• _Activity_:
Repeat the records below exactly, beginning at the first line and finishing with the line that contains "pi.-integrable setT (fun th => (rho th * (l".

(Records excerpted from a collection)
Lemma post_densE : post_dens nu pi p l D =
  (fun th => (post_norm D l)^-1 * (lik p D th `^ l * jensen_weight l th)).
Proof.
apply/funext => th; rewrite /post_dens Edens_jensen_lik // /jensen_dens -/(jensen_norm l).
by field; rewrite !gt_eqF.
Qed.

Lemma Bfun_KLdens_post_dens dZ :
  let w th := lik p D th `^ l * jensen_weight l th in
  let dw th :=
    (ln (lik p D th) - n%:R * Jcgf' nu p th l) * lik p D th `^ l * jensen_weight l th in
  let rho := post_dens nu pi p l D in
  is_derive l 1 jensen_norm dZ -> is_derive l 1 (post_norm D) (Epi pi dw) ->
  pi.-integrable setT (EFin \o w) -> pi.-integrable setT (EFin \o dw) ->
  pi.-integrable setT (fun th => (rho th * (l * Jcgf' nu p th l - Jcgf nu p th l))%:E) ->
  pi.-integrable setT (fun th => (rho th * ln (rho th))%:E) ->
  n%:R * Bfun nu pi p rho l - KLdens pi rho =
  l * derive1 (neg_log_evidence D) l - neg_log_evidence D l
    + (ln (jensen_norm l) - l * (dZ / jensen_norm l)).
Proof.
move=> w dw rho dZl dMl Iw Idw IB IKL.
have w_gt0 th : 0 < w th by rewrite mulr_gt0 ?powR_gt0 ?lik_gt0 ?expR_gt0.
have ln_rho th : ln (rho th) =
    - ln (post_norm D l) + (l * ln (lik p D th) - n%:R * Jcgf nu p th l).
  rewrite /rho post_densE -/(w th) lnM ?posrE ?invr_gt0 ?w_gt0 // lnV ?posrE //.
  by rewrite lnM ?posrE ?powR_gt0 ?lik_gt0 ?expR_gt0 // ln_powR expRK.
have -> : n%:R * Bfun nu pi p rho l - KLdens pi rho =
    ln (post_norm D l) - l * Epi pi dw / post_norm D l.
  rewrite /Bfun /KLdens /Edens /Epi -RintegralZl // -RintegralB //;
    last exact: (integrableZl measurableT _ IB).
  transitivity (\int[pi]_(th in setT)
      ((- l / post_norm D l) * dw th + (ln (post_norm D l) / post_norm D l) * w th)).
    apply: eq_Rintegral => th _; rewrite ln_rho /rho post_densE /dw /w.
    by field; rewrite gt_eqF.
  rewrite RintegralD ?RintegralZl //; last 2 first.
  - exact: (integrableZl measurableT _ Idw).
  - exact: (integrableZl measurableT _ Iw).
  have -> : \int[pi]_(th in setT) w th = post_norm D l by [].
  by rewrite /Epi; field; rewrite gt_eqF.
have dN := is_derive_neg_log_evidence dZl dMl.
by rewrite neg_log_evidenceE derive1E derive_val; ring.
Qed.
End posterior.
End pac_bayes_identities.

Unset Implicit Arguments.

Theorem mainTheorem9
  (dX dY dT : measure_display) (X : measurableType dX) (Y : measurableType dY)
  (Theta : measurableType dT) (R : realType)
  (nu : probability (X * Y)%type R) (muY : {measure set Y -> \bar R})
  (pi : probability Theta R) (p : Y -> X -> Theta -> R) (n : nat) (lam : R) :
  (* standing assumptions: n >= 1 samples; p(y|x,theta) > 0 is a
     conditional density (w.r.t. a base measure muY on Y), jointly measurable *)
  (0 < n)%N ->
  (forall y x th, 0 < p y x th) ->
  measurable_fun setT (fun zt : (X * Y) * Theta => p zt.1.2 zt.1.1 zt.2) ->
  (forall x th, (\int[muY]_y (p y x th)%:E = 1)%E) ->
  (* theta |-> J_theta(lambda) is measurable (needed for pi_J^lambda to be defined) *)
  (forall l, 0 < l -> measurable_fun setT (fun th => Jcgf nu p th l)) ->
  (* l >= 0 nu-a.e., L(theta) < oo *)
  (forall th, {ae nu, forall z, 0 <= loss p z th}) ->
  (forall th, (Lexp nu p th < +oo)%E) ->
  (* lam is a local (or global) minimizer on (0,oo) of lambda |-> EB_0(pi_J^lambda, lambda) *)
  0 < lam ->
  (exists2 e : R, 0 < e &
     forall l, 0 < l -> `|l - lam| < e -> EBJ nu pi p n lam <= EBJ nu pi p n l) ->
  (* ... at which it is differentiable *)
  derivable (EBJ nu pi p n) lam 1 ->
  (* finiteness of all quantities involved (at lam) *)
  (forall th,
     nu.-integrable setT
       (fun z => (expR (lam * (Lval nu p th - loss p z th)))%:E) /\
     nu.-integrable setT
       (fun z => ((Lval nu p th - loss p z th)
                  * expR (lam * (Lval nu p th - loss p z th)))%:E)) ->
  pi.-integrable setT (fun th => (expR (- (n%:R * Jcgf nu p th lam)))%:E) ->
  pi.-integrable setT
    (fun th => (Jcgf' nu p th lam * expR (- (n%:R * Jcgf nu p th lam)))%:E) ->
  {ae pow_prob nu n, forall D : sample (X * Y)%type n,
     pi.-integrable setT
       (fun th => (lik p D th `^ lam * expR (- (n%:R * Jcgf nu p th lam)))%:E) /\
     pi.-integrable setT
       (fun th => ((ln (lik p D th) - n%:R * Jcgf' nu p th lam)
                   * lik p D th `^ lam * expR (- (n%:R * Jcgf nu p th lam)))%:E) /\
     pi.-integrable setT
       (fun th => (post_dens nu pi p lam D th
                   * (lam * Jcgf' nu p th lam - Jcgf nu p th lam))%:E) /\
     pi.-integrable setT
       (fun th => (post_dens nu pi p lam D th
                   * ln (post_dens nu pi p lam D th))%:E)} ->
  (pow_prob nu n).-integrable setT
    (fun (D : sample (X * Y)%type n) => (Bfun nu pi p (post_dens nu pi p lam D) lam)%:E) ->
  (pow_prob nu n).-integrable setT
    (fun (D : sample (X * Y)%type n) => (KLdens pi (post_dens nu pi p lam D))%:E) ->
  (pow_prob nu n).-integrable setT
    (fun (D : sample (X * Y)%type n) => (- ln (Edens pi (jensen_dens nu pi p n lam)
                       (fun th => lik p D th `^ lam)))%:E) ->
  (pow_prob nu n).-integrable setT
    (fun (D : sample (X * Y)%type n) => (derive1 (fun l => - ln (Edens pi (jensen_dens nu pi p n l)
                                         (fun th => lik p D th `^ l))) lam)%:E) ->
  (* the derivative may be computed by differentiating under E_nu ... *)
  (forall th,
     is_derive lam 1
       (fun l => Rintegral nu setT (fun z => expR (l * (Lval nu p th - loss p z th))))
       (Rintegral nu setT (fun z => (Lval nu p th - loss p z th)
                             * expR (lam * (Lval nu p th - loss p z th))))) ->
  (* ... under E_pi ... *)
  is_derive lam 1
    (fun l => Epi pi (fun th => expR (- (n%:R * Jcgf nu p th l))))
    (Epi pi (fun th => - (n%:R * Jcgf' nu p th lam)
                       * expR (- (n%:R * Jcgf nu p th lam)))) ->
  {ae pow_prob nu n, forall D : sample (X * Y)%type n,
     is_derive lam 1
       (fun l => Epi pi (fun th => lik p D th `^ l * expR (- (n%:R * Jcgf nu p th l))))
       (Epi pi (fun th => (ln (lik p D th) - n%:R * Jcgf' nu p th lam)
                          * lik p D th `^ lam * expR (- (n%:R * Jcgf nu p th lam))))} ->
  (* ... and under E_{D ~ nu^n} *)
  is_derive lam 1
    (fun l => ED nu (fun (D : sample (X * Y)%type n) => - ln (Edens pi (jensen_dens nu pi p n l)
                                      (fun th => lik p D th `^ l))))
    (ED nu (fun (D : sample (X * Y)%type n) => derive1 (fun l => - ln (Edens pi (jensen_dens nu pi p n l)
                                                  (fun th => lik p D th `^ l))) lam)) ->
  (* conclusion, with rho* = rho*_lam given by its density w.r.t. pi *)
  ED nu (fun (D : sample (X * Y)%type n) => Bfun nu pi p (post_dens nu pi p lam D) lam)
  = n%:R^-1 * ED nu (fun (D : sample (X * Y)%type n) => KLdens pi (post_dens nu pi p lam D)).
Proof.
move=> n_gt0 p_gt0 mp _ mJ _ _ lam_gt0 lam_min dEBJ _ IZ _ Iae IB IKL Iu Iv _ dZ dMae dF.
have Z_gt0 : 0 < jensen_norm nu pi p n lam.
  by apply: Rintegral_gt0 IZ _ => th; exact: expR_gt0.
have crit := EBJ_local_min_identity n_gt0 lam_gt0 Z_gt0 lam_min dEBJ dZ dF.
set Z := jensen_norm nu pi p n lam in Z_gt0 crit.
set dZ' := Epi pi _ in dZ crit.
have hae : {ae pow_prob nu n, forall D : sample (X * Y)%type n,
    n%:R * Bfun nu pi p (post_dens nu pi p lam D) lam
      - KLdens pi (post_dens nu pi p lam D) =
    lam * derive1 (neg_log_evidence nu pi p D) lam - neg_log_evidence nu pi p D lam
      + (ln Z - lam * (dZ' / Z))}.
  apply: filterS2 Iae dMae => D [Iw [Idw [IBD IKLD]]] dM.
  have M_gt0 : 0 < post_norm nu pi p D lam.
    by apply: Rintegral_gt0 Iw _ => th; rewrite mulr_gt0 ?powR_gt0 ?expR_gt0 ?lik_gt0.
  exact: (Bfun_KLdens_post_dens p_gt0 mp mJ lam_gt0 Z_gt0 M_gt0 dZ).
have := Rintegral_ae_affine IB IKL Iv Iu hae.
rewrite /ED /neg_log_evidence in crit *.
set Eu := Rintegral _ _ (fun D => - ln _) in crit *.
set Ev := Rintegral _ _ (fun D => derive1 _ _) in crit *.
set EB := Rintegral _ _ (fun D => Bfun _ _ _ _ _).
set EKL := Rintegral _ _ (fun D => KLdens _ _).
move=> EB_KL; have n_neq0 : n%:R != 0 :> R by rewrite pnatr_eq0 -lt0n.
suff /subr0_eq <- : n%:R * EB - EKL = 0 by rewrite mulKf.
by rewrite EB_KL -[Eu](subrK (ln Z)) crit; ring.
Qed.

• _Response to the exercise_:
Lemma post_densE : post_dens nu pi p l D =
  (fun th => (post_norm D l)^-1 * (lik p D th `^ l * jensen_weight l th)).
Proof.
apply/funext => th; rewrite /post_dens Edens_jensen_lik // /jensen_dens -/(jensen_norm l).
by field; rewrite !gt_eqF.
Qed.

Lemma Bfun_KLdens_post_dens dZ :
  let w th := lik p D th `^ l * jensen_weight l th in
  let dw th :=
    (ln (lik p D th) - n%:R * Jcgf' nu p th l) * lik p D th `^ l * jensen_weight l th in
  let rho := post_dens nu pi p l D in
  is_derive l 1 jensen_norm dZ -> is_derive l 1 (post_norm D) (Epi pi dw) ->
  pi.-integrable setT (EFin \o w) -> pi.-integrable setT (EFin \o dw) ->
  pi.-integrable setT (fun th => (rho th * (l * Jcgf' nu p th l - Jcgf nu p th l))%:E) ->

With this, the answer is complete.